# Extreme trail class



## farmpony84 (Apr 21, 2008)

That was SO cool. It looked like a ton of fun, although... I don't quite get the pink ears....


----------



## Copperhead (Jun 27, 2012)

I was so proud of my mare for standing there with her foot in a bucket so I could soak it. And then I watch something like this...puts it all into perspective!


----------



## farmpony84 (Apr 21, 2008)

I have a horse that would have blown through that course... totally aced it... (no fear)... Why didn't I have stuff like that when he was young? Now that he's 29 and hard of vision....


----------



## MissColors (Jul 17, 2011)

Looks like so much fun :d


----------



## farmpony84 (Apr 21, 2008)

I'm going to look for a clip I watched not long ago ... It made me cry... be back in a minute...


----------



## farmpony84 (Apr 21, 2008)

here it is:


----------



## equiniphile (Aug 16, 2009)

I've ridden one horse that I'm confident could complete that course--Arthur, my 26 yr old Paso with severe ERU in one eye. My other horses? Pssh, no way.


----------



## Brighteyes (Mar 8, 2009)

Oooh! That looks super fun.


My mare might be able to complete it, but not gracefully and certainly not that fast! I woud also have a terrible time remembering the course. :shock:


----------



## Lonestar22 (May 22, 2009)

I think Daisy and I could do it. Probably not so fast but we could get it done.


----------



## existentialpony (Dec 4, 2012)

farmpony you're killin' me...


----------



## farmpony84 (Apr 21, 2008)

existentialpony said:


> farmpony you're killin' me...


videos don't normally effect me and I started watching that one and was like... eh... and then halfway through I was wiping tears....


----------



## Copperhead (Jun 27, 2012)

farmpony84 said:


> videos don't normally effect me and I started watching that one and was like... eh... and then halfway through I was wiping tears....

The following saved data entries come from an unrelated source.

Lemma normal_pdf_center (m s x : R) : s != 0 ->
  normal_pdf m s x = normal_pdf 0 s (x - m).
Proof. by move=> s0; rewrite !normal_pdfE// /normal_fun subr0. Qed.

Lemma normal_pdfN (s x : R) : s != 0 -> normal_pdf 0 s (- x) = normal_pdf 0 s x.
Proof. by move=> s0; rewrite !normal_pdfE// /normal_fun !subr0 sqrrN. Qed.

Lemma normal_pdf_scale (r x : R) : 0 < r ->
  normal_pdf 0 r (r * x) * r = normal_pdf 0 1 x.
Proof.
move=> r_gt0; have pi2_gt0 := sqrt_pi2_gt0.
rewrite !normal_pdf_gt0E//.
have -> : - (r * x - 0) ^+ 2 / (r ^+ 2 *+ 2) = - (x - 0) ^+ 2 / (1 ^+ 2 *+ 2).
  by field; rewrite gt_eqF.
by field; rewrite !gt_eqF.
Qed.

Lemma normal_pdf_mul (r s t x : R) : 0 < r ->
  normal_pdf 0 r (t - s * x) * normal_pdf 0 1 x =
  normal_pdf 0 (Num.sqrt (r ^+ 2 + s ^+ 2)) t *
  normal_pdf (s * t / (r ^+ 2 + s ^+ 2)) (r / Num.sqrt (r ^+ 2 + s ^+ 2)) x.
Proof.
move=> r_gt0; have pi2_gt0 := sqrt_pi2_gt0.
have P_gt0 : 0 < r ^+ 2 + s ^+ 2 by rewrite ltr_pwDl ?sqr_ge0 ?exprn_gt0.
have sqrtP_gt0 : 0 < Num.sqrt (r ^+ 2 + s ^+ 2) by rewrite sqrtr_gt0.
rewrite !normal_pdf_gt0E ?divr_gt0// mulrACA [RHS]mulrACA -!expRD.
congr (_ * expR _); first by field; rewrite !gt_eqF.
by rewrite expr_div_n sqr_sqrtr ?ltW//; field; rewrite !gt_eqF.
Qed.

End normal_pdf.

Section normal_prob_integral.
Local Open Scope ereal_scope.
Context {R : realType}.
Local Notation mu := (@lebesgue_measure R).
Local Notation N := (normal_prob (0:R) 1).

Lemma ge0_integral_normal_prob (m s : R) (f : R -> \bar R) :
  measurable_fun setT f -> (forall x, 0 <= f x) ->
  \int[normal_prob m s]_x f x = \int[mu]_x (f x * (normal_pdf m s x)%:E).
Proof.
move=> mf f_ge0; apply: ge0_integral_density => //.
- exact: measurable_normal_pdf.
- exact: normal_pdf_ge0.
Qed.

Lemma integral_normal_prob_cst (m s c : R) :
  \int[normal_prob m s]_x c%:E = c%:E.
Proof. by rewrite integral_cst// [X in _ * X]integral_normal_pdf mule1. Qed.

Lemma ge0_integral_normal_probN (s : R) (g : R -> \bar R) : s != 0%R ->
  measurable_fun setT g -> (forall x, 0 <= g x) ->
  \int[normal_prob 0 s]_x g (- x)%R = \int[normal_prob 0 s]_x g x.
Proof.
move=> s0 mg g_ge0.
rewrite !ge0_integral_normal_prob//; last exact: measurableT_comp.
rewrite -[RHS]ge0_integral_lebesgueN; last 2 first.
- apply: emeasurable_funM => //.
  by apply/measurable_EFinP; exact: measurable_normal_pdf.
- by move=> x; rewrite mule_ge0// lee_fin normal_pdf_ge0.
by apply: eq_integral => x _; rewrite normal_pdfN.
Qed.
From HB Require Import structures.
From mathcomp Require Import all_boot all_order all_algebra.
From mathcomp Require Import complex mxtens.
From mathcomp Require Import reals.
Set Implicit Arguments.
Unset Strict Implicit.
Unset Printing Implicit Defensive.
Import Order.TTheory GRing.Theory Num.Theory.
Local Open Scope ring_scope.

(* Write e = D 1 = \sum_t a_t (x) b_t.  The space of pi_eps x rho is spanned by the
   vectors v(z, xi) = (pi_eps (x) rho)(e)(z (x) xi) = \sum_t eps_t(a_t z) (x) rho(b_t) xi
   with z in N_t.  Since \sum_t eps_t(a_t z) b_t = z, the map z (x) xi |-> rho(z) xi sends
   v(z, xi) to rho(z) xi, and xi |-> v(1, xi) inverts it.  It is isometric because
   eps(eps_t(p)^* eps_t(q)) = eps(p^* q) turns the inner product of v(z, xi) and
   v(z', xi') into that of rho(z) xi and rho(z') xi', through
   (eps (x) id)(D(z')^* D(z)) = z'^* z; it intertwines because D(z) = e (z (x) 1) gives
   (eps (x) id)(D(x) e (z (x) 1)) = x z.  For rho x pi_eps the map is xi (x) z |-> rho(S z) xi:
   the antipode swaps the two legs of e, and S z = \sum_t S(eps_t(b_t z)) a_t. *)

Local Notation space r := (@rspace _ _ r).
Local Notation inner r := (@ip _ _ r).

(** * Linear maps and Kronecker products *)

Section MatrixTensors.
Variable R : realType.
Local Notation C := (R[i]).
Local Notation E := (@E R _).

Section LinearMaps.
Variables (m p q r : nat) (f : 'M[C]_(m, p) -> 'M[C]_(q, r)).
Hypothesis f_lin : lin f.

Lemma lin0 : f 0 = 0.
Proof.
by have := f_lin 1 0 0; rewrite !scale1r !addr0 => h; apply: (addrI (f 0)); rewrite addr0 -h.
Qed.

Lemma linD x y : f (x + y) = f x + f y.
Proof. by have := f_lin 1 x y; rewrite !scale1r. Qed.

Lemma linZ a x : f (a *: x) = a *: f x.
Proof. by rewrite -[a *: x]addr0 f_lin lin0 addr0. Qed.

Lemma lin_sum I (s : seq I) (P : pred I) (F : I -> 'M_(m, p)) :
  f (\sum_(i <- s | P i) F i) = \sum_(i <- s | P i) f (F i).
Proof. by elim/big_rec2: _ => [|i y1 y2 _ <-]; rewrite ?lin0 ?linD. Qed.
End LinearMaps.

Section LinearForms.
Variables (m p : nat) (f : 'M[C]_(m, p) -> C).
Hypothesis f_lin : linf f.

Lemma linf0 : f 0 = 0.
Proof.
by have := f_lin 1 0 0; rewrite scale1r mul1r !addr0 => h; apply: (addrI (f 0)); rewrite addr0 -h.
Qed.

Lemma linfD x y : f (x + y) = f x + f y.
Proof. by have := f_lin 1 x y; rewrite scale1r mul1r. Qed.

Lemma linfZ a x : f (a *: x) = a * f x.
Proof. by rewrite -[a *: x]addr0 f_lin linf0 addr0. Qed.

Lemma linf_sum I (s : seq I) (P : pred I) (F : I -> 'M_(m, p)) :
  f (\sum_(i <- s | P i) F i) = \sum_(i <- s | P i) f (F i).
Proof. by elim/big_rec2: _ => [|i y1 y2 _ <-]; rewrite ?linf0 ?linfD. Qed.
End LinearForms.

Lemma lin_id m p : lin (@id 'M[C]_(m, p)).
Proof. by []. Qed.

Lemma lin_comp m1 p1 m2 p2 m3 p3 (f : 'M[C]_(m2, p2) -> 'M[C]_(m3, p3))
    (g : 'M[C]_(m1, p1) -> 'M[C]_(m2, p2)) :
  lin f -> lin g -> lin (fun x => f (g x)).
Proof. by move=> f_lin g_lin a x y; rewrite g_lin f_lin. Qed.

Lemma lin_mulmxr m p q (B : 'M[C]_(p, q)) : lin (fun X : 'M[C]_(m, p) => X *m B).
Proof. by move=> a x y; rewrite mulmxDl scalemxAl. Qed.

Lemma lin_mulmx m p q (B : 'M[C]_(m, p)) : lin (fun X : 'M[C]_(p, q) => B *m X).
Proof. by move=> a x y; rewrite mulmxDr scalemxAr. Qed.

Lemma adjE m p (A : 'M[C]_(m, p)) i j : adj A i j = conjc (A j i).
Proof. by rewrite /adj !mxE. Qed.

Lemma adjK m p (A : 'M[C]_(m, p)) : adj (adj A) = A.
Proof. by apply/matrixP=> i j; rewrite !adjE conjcK. Qed.

Lemma adjM m p q (A : 'M[C]_(m, p)) (B : 'M[C]_(p, q)) : adj (A *m B) = adj B *m adj A.
Proof.
apply/matrixP=> i j; rewrite adjE !mxE rmorph_sum; apply: eq_bigr => k _.
by rewrite !adjE rmorphM mulrC.
Qed.
Lemma partition_restrict P D A : partition P D -> A \subset D ->
  {in P, forall S, (S \subset A) || [disjoint S & A]} ->
  partition [set S in P | S \subset A] A.
Proof.
move=> pP sAD PA; apply/and3P; split.
- apply/eqP/setP => x; apply/bigcupP/idP => [[S] | Ax].
    by rewrite inE => /andP[_ /subsetP]; apply.
  have Dx : x \in cover P by rewrite (cover_partition pP) (subsetP sAD).
  exists (pblock P x); rewrite ?mem_pblock // inE pblock_mem //=.
  case/orP: (PA _ (pblock_mem Dx)) => // /disjointFl/(_ Ax).
  by rewrite mem_pblock Dx.
- by apply: trivIsetS (partition_trivIset pP); apply/subsetP => S; rewrite inE => /andP[].
- by rewrite inE (partition0 pP).
Qed.

Lemma card_partitions_split A B : [disjoint A & B] ->
  #|[set P | partition P (A :|: B) & blocks_within A B P]| = npartitions A * npartitions B.
Proof.
move=> dAB; rewrite /npartitions -cardsX.
pose restr P := ([set S in P | S \subset A], [set S in P | S \subset B]).
have restrK P : blocks_within A B P -> (restr P).1 :|: (restr P).2 = P.
  move/forall_inP=> PAB; apply/setP => S.
  by rewrite !inE -andb_orr andb_idr // => /PAB.
have AB0 S : S \subset A -> S \subset B -> S = set0.
  by move=> sSA sSB; apply/eqP; rewrite -subset0 -(disjoint_setI0 dAB) subsetI sSA.
rewrite -(card_in_imset (f := restr)); last first.
  by move=> P P'; rewrite !inE => /andP[_ /restrK {2}<-] /andP[_ /restrK {2}<-] ->.
apply: eq_card => -[P1 P2]; rewrite !inE /=; apply/imsetP/andP => [[P] | [pP1 pP2]].
  rewrite inE => /andP[pP /forall_inP PAB] [-> ->]; split.
    apply: partition_restrict pP (subsetUl _ _) _ => S /PAB /orP[-> // | sSB].
    by rewrite orbC (disjointWl sSB) // disjoint_sym.
  apply: partition_restrict pP (subsetUr _ _) _ => S /PAB /orP[sSA | -> //].
  by rewrite orbC (disjointWl sSA).
exists (P1 :|: P2).
  rewrite inE partitionU //; apply/forall_inP => S /setUP[] PS.
    by rewrite (partitionS pP1 PS).
  by rewrite (partitionS pP2 PS) orbT.
have P2_notA S : S \in P2 -> S \subset A = false.
  by move=> P2S; apply/negP => /AB0/(_ (partitionS pP2 P2S)) S0; rewrite S0 (partition0 pP2) in P2S.
have P1_notB S : S \in P1 -> S \subset B = false.
  by move=> P1S; apply/negP => /(AB0 _ (partitionS pP1 P1S)) S0; rewrite S0 (partition0 pP1) in P1S.
congr pair; apply/setP => S; rewrite !inE;
  case P1S: (S \in P1); case P2S: (S \in P2) => //=;
  by rewrite ?(partitionS pP1 P1S) ?(partitionS pP2 P2S) ?P2_notA ?P1_notB.
Qed.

Thats because the horse was doing subpar stuff when it came to trails and whatnot, and then you learn he is _completely blind_ and to be doing that, he has to have full trust and communication with his rider. It suddenly made all that subpar stuff incredible. It was an amazing story/video.


----------



## farmpony84 (Apr 21, 2008)

and then when she said "You don't tell a 15 year old to put her first horse down".... I was like... WWWWWWWWAILLLLL!!!!!


----------



## smrobs (Jul 30, 2008)

Well, I don't know exactly how I should feel about that, lucky or cursed. That's not so different than the type of country I commonly ride in. The only thing that I've been short on the last couple of years is the groundwater as I have to ride a few miles to get to any sort of creek.

Granted, I normally don't lope my "trails" (unless I'm working cattle and have no choice)...but then again, where I ride, there are very few trails that have more than deer or cows using them (neither of which have to worry about low hanging branches). I just have to pick my way through wherever I can :lol:.


----------